Stored data entries:
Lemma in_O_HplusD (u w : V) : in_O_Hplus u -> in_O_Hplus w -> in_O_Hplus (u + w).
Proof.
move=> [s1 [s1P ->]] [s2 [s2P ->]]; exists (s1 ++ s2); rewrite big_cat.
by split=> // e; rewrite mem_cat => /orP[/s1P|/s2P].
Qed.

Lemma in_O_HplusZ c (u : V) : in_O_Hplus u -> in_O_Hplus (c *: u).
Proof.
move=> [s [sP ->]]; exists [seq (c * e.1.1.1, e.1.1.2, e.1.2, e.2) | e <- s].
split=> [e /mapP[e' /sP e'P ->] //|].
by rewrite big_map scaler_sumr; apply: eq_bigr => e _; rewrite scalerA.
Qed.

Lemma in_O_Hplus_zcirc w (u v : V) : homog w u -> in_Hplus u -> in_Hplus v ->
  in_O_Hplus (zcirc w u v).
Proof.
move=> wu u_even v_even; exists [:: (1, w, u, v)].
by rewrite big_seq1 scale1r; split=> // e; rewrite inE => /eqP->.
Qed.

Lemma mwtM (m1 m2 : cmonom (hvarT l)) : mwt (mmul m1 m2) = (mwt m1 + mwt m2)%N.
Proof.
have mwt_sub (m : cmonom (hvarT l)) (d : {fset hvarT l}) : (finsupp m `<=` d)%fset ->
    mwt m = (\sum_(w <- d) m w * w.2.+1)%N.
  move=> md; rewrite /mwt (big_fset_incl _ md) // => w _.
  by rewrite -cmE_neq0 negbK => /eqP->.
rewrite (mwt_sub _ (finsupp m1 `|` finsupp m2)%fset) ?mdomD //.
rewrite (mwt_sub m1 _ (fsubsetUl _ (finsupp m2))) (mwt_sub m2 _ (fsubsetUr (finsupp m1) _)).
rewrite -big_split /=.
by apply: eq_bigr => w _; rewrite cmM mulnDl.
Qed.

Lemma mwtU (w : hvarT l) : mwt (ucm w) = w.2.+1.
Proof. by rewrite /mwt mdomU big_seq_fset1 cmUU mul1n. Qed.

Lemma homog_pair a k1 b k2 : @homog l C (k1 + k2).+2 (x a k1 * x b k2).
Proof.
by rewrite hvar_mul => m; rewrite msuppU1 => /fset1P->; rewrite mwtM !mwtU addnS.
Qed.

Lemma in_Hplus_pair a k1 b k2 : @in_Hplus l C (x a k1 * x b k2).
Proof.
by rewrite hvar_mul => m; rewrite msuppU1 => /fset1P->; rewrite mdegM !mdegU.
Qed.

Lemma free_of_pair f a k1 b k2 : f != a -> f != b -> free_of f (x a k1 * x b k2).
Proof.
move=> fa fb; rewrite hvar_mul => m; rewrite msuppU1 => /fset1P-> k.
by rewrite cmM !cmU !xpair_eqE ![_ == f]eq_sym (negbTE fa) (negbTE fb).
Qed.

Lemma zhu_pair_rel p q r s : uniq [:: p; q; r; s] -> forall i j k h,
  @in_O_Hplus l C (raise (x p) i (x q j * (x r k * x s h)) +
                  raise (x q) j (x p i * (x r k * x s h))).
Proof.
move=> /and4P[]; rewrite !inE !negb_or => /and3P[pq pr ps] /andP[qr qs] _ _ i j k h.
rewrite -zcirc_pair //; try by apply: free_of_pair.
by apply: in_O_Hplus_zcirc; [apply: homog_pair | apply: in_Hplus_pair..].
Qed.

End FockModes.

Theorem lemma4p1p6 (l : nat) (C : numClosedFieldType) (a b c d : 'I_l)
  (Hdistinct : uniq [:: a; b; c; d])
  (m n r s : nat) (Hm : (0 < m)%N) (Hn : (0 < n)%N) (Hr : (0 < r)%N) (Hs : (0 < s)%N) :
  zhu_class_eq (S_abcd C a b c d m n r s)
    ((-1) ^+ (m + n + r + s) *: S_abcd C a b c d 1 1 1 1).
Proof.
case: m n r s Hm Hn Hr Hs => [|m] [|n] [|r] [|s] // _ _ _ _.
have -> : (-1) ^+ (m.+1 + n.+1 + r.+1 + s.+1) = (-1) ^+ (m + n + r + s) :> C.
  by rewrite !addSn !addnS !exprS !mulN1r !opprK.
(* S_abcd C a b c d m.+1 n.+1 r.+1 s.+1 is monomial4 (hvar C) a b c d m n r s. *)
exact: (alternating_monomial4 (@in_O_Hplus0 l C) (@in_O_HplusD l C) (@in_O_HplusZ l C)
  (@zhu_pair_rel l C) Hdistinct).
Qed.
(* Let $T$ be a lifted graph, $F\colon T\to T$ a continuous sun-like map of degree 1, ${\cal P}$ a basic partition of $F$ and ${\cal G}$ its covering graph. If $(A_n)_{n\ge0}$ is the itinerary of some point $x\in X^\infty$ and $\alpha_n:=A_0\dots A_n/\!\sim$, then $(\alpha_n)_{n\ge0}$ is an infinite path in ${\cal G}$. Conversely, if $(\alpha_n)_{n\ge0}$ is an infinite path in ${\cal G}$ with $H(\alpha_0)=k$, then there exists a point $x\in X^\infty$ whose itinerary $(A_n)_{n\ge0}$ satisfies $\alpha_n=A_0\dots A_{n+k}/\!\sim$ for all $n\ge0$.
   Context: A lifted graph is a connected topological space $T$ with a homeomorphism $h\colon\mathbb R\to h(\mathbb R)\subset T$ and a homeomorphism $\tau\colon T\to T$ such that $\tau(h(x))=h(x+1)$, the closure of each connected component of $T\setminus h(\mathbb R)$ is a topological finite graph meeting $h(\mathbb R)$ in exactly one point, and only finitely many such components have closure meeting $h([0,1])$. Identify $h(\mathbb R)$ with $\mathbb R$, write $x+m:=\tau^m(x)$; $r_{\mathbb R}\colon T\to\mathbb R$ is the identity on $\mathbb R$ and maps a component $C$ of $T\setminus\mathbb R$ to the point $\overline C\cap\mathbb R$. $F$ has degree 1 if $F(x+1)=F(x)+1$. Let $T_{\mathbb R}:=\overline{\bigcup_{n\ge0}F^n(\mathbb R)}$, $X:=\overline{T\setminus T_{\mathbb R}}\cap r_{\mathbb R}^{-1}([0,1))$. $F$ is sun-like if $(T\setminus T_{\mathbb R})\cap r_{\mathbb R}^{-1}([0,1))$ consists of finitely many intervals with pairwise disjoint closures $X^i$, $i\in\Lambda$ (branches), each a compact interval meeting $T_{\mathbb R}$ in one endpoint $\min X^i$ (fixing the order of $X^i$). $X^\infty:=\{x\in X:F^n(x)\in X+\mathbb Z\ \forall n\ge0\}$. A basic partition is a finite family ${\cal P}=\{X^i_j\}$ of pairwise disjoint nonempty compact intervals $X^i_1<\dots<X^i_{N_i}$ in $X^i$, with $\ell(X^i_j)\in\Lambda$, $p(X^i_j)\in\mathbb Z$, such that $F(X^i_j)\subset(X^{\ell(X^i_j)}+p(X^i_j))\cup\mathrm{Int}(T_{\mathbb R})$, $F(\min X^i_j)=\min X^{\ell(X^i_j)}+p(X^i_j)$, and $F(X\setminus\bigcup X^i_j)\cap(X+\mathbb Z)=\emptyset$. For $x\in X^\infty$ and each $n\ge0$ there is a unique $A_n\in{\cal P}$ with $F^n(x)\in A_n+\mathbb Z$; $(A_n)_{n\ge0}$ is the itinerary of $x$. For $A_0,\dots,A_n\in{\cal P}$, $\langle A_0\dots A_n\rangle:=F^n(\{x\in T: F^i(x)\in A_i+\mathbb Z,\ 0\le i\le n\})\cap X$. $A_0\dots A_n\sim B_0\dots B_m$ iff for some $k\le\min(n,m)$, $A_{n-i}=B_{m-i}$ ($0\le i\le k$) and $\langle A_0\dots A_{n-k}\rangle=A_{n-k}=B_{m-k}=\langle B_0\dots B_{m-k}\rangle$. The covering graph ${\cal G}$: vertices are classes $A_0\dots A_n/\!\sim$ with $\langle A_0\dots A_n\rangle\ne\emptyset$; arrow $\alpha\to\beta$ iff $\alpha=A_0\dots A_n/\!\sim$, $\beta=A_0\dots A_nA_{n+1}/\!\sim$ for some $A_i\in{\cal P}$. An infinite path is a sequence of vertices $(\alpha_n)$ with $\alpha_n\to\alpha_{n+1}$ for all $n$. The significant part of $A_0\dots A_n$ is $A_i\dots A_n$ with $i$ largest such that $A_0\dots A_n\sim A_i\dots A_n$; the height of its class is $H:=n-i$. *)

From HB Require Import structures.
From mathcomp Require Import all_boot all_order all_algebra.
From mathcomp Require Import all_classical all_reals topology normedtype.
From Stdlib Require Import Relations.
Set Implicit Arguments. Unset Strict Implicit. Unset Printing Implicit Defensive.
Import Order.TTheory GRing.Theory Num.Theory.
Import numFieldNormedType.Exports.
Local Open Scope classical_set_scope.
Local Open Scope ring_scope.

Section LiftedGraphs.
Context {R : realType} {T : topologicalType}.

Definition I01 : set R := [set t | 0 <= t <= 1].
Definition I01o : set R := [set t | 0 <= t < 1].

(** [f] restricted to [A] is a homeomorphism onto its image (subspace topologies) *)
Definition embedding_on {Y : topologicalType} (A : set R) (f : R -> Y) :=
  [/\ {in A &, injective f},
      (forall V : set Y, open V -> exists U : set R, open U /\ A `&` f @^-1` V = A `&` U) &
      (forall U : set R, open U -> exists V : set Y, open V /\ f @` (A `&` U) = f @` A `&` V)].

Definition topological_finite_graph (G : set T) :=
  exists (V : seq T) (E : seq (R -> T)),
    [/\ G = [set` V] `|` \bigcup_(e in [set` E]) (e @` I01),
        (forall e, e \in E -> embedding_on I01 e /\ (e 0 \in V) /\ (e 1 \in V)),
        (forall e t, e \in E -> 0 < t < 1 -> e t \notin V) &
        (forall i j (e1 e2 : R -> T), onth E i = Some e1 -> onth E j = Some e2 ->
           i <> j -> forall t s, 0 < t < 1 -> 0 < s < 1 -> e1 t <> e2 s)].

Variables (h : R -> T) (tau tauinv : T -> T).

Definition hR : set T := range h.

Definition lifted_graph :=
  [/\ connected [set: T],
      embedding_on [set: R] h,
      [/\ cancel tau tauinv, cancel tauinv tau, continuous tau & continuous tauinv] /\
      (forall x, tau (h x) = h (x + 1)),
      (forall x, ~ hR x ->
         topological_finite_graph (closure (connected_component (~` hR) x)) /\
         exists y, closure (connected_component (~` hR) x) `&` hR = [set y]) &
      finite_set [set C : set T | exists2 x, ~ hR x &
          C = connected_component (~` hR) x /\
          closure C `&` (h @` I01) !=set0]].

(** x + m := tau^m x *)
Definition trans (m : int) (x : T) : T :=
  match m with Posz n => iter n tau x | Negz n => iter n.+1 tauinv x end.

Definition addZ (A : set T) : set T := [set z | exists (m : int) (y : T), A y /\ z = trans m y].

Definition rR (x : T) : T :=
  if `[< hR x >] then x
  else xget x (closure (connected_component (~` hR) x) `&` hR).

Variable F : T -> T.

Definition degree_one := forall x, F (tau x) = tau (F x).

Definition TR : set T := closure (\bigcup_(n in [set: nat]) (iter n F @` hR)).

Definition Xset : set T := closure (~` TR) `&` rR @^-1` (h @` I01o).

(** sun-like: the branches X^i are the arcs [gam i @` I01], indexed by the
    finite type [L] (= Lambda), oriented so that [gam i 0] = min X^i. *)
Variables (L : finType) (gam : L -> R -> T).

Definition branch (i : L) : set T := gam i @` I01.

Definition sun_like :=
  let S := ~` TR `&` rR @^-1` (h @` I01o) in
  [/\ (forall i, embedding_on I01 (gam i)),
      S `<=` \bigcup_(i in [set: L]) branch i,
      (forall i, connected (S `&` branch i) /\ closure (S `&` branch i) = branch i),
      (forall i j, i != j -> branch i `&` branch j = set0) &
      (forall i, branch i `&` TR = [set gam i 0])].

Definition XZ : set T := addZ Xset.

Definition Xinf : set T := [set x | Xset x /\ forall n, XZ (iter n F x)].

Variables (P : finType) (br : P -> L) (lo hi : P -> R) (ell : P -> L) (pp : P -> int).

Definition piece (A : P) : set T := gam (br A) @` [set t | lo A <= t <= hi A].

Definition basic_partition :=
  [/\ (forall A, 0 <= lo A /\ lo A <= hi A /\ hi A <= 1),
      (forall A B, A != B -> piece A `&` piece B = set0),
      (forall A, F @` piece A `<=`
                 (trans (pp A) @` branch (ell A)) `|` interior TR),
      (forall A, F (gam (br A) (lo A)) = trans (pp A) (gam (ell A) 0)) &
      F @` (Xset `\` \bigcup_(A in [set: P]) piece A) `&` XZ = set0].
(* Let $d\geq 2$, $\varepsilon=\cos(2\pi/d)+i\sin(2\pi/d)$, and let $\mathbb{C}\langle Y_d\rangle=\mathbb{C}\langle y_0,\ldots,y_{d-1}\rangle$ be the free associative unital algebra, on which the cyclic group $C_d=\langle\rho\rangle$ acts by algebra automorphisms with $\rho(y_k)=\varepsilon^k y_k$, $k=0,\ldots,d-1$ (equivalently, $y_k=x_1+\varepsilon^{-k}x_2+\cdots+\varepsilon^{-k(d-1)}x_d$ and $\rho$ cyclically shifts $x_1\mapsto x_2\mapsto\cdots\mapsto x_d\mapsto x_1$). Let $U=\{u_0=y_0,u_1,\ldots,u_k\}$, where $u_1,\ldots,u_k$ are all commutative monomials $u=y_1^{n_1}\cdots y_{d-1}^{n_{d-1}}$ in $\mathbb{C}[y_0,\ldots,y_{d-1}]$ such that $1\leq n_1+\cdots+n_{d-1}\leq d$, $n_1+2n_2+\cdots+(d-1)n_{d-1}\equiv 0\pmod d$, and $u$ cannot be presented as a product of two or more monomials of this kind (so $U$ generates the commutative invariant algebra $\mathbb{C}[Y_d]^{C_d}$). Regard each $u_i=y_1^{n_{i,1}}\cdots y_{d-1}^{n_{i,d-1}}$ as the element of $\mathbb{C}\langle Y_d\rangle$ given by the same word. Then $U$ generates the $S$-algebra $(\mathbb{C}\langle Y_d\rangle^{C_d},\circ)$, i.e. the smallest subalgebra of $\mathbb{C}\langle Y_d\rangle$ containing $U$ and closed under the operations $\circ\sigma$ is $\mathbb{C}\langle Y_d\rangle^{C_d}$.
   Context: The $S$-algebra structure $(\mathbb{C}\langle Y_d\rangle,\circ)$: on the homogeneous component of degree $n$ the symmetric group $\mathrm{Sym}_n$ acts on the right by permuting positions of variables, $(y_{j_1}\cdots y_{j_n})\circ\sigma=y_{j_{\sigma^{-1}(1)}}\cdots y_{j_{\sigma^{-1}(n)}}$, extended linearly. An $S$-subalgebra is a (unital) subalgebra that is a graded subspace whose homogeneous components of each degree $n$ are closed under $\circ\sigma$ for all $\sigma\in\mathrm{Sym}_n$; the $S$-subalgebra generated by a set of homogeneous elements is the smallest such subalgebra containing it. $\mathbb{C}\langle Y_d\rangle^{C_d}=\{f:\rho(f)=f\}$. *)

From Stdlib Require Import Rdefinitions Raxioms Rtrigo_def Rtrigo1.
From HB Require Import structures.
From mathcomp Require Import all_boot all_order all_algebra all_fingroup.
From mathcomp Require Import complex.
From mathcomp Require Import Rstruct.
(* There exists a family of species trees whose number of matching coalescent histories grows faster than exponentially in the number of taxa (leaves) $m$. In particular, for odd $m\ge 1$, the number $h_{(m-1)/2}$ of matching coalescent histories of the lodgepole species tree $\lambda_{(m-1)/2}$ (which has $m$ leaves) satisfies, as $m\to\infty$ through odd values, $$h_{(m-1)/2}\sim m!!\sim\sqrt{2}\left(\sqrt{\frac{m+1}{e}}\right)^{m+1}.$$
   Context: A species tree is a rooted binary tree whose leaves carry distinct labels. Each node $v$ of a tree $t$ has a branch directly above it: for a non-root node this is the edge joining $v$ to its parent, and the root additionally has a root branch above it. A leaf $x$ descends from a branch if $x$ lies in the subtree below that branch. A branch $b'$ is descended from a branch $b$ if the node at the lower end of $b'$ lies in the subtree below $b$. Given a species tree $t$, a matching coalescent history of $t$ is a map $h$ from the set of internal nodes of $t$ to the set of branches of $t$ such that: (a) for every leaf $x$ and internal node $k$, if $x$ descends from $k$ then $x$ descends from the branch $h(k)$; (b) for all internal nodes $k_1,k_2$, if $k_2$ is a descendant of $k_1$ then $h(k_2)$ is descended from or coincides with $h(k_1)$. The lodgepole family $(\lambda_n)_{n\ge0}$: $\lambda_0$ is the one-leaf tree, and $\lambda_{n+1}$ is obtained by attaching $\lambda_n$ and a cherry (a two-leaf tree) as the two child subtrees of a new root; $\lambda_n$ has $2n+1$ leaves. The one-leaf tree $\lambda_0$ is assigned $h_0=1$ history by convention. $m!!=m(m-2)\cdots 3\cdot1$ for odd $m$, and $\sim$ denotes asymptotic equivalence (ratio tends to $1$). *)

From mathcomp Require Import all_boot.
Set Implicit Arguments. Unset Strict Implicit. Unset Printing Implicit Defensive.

WHAT YOU NEED TO DO
The answer consists of the line holding "From mathcomp Require Import Rstruct." and every line after it up to the end of the records, word for word.

RESULT OF THIS EXERCISE
From mathcomp Require Import Rstruct.
(* There exists a family of species trees whose number of matching coalescent histories grows faster than exponentially in the number of taxa (leaves) $m$. In particular, for odd $m\ge 1$, the number $h_{(m-1)/2}$ of matching coalescent histories of the lodgepole species tree $\lambda_{(m-1)/2}$ (which has $m$ leaves) satisfies, as $m\to\infty$ through odd values, $$h_{(m-1)/2}\sim m!!\sim\sqrt{2}\left(\sqrt{\frac{m+1}{e}}\right)^{m+1}.$$
   Context: A species tree is a rooted binary tree whose leaves carry distinct labels. Each node $v$ of a tree $t$ has a branch directly above it: for a non-root node this is the edge joining $v$ to its parent, and the root additionally has a root branch above it. A leaf $x$ descends from a branch if $x$ lies in the subtree below that branch. A branch $b'$ is descended from a branch $b$ if the node at the lower end of $b'$ lies in the subtree below $b$. Given a species tree $t$, a matching coalescent history of $t$ is a map $h$ from the set of internal nodes of $t$ to the set of branches of $t$ such that: (a) for every leaf $x$ and internal node $k$, if $x$ descends from $k$ then $x$ descends from the branch $h(k)$; (b) for all internal nodes $k_1,k_2$, if $k_2$ is a descendant of $k_1$ then $h(k_2)$ is descended from or coincides with $h(k_1)$. The lodgepole family $(\lambda_n)_{n\ge0}$: $\lambda_0$ is the one-leaf tree, and $\lambda_{n+1}$ is obtained by attaching $\lambda_n$ and a cherry (a two-leaf tree) as the two child subtrees of a new root; $\lambda_n$ has $2n+1$ leaves. The one-leaf tree $\lambda_0$ is assigned $h_0=1$ history by convention. $m!!=m(m-2)\cdots 3\cdot1$ for odd $m$, and $\sim$ denotes asymptotic equivalence (ratio tends to $1$). *)

From mathcomp Require Import all_boot.
Set Implicit Arguments. Unset Strict Implicit. Unset Printing Implicit Defensive.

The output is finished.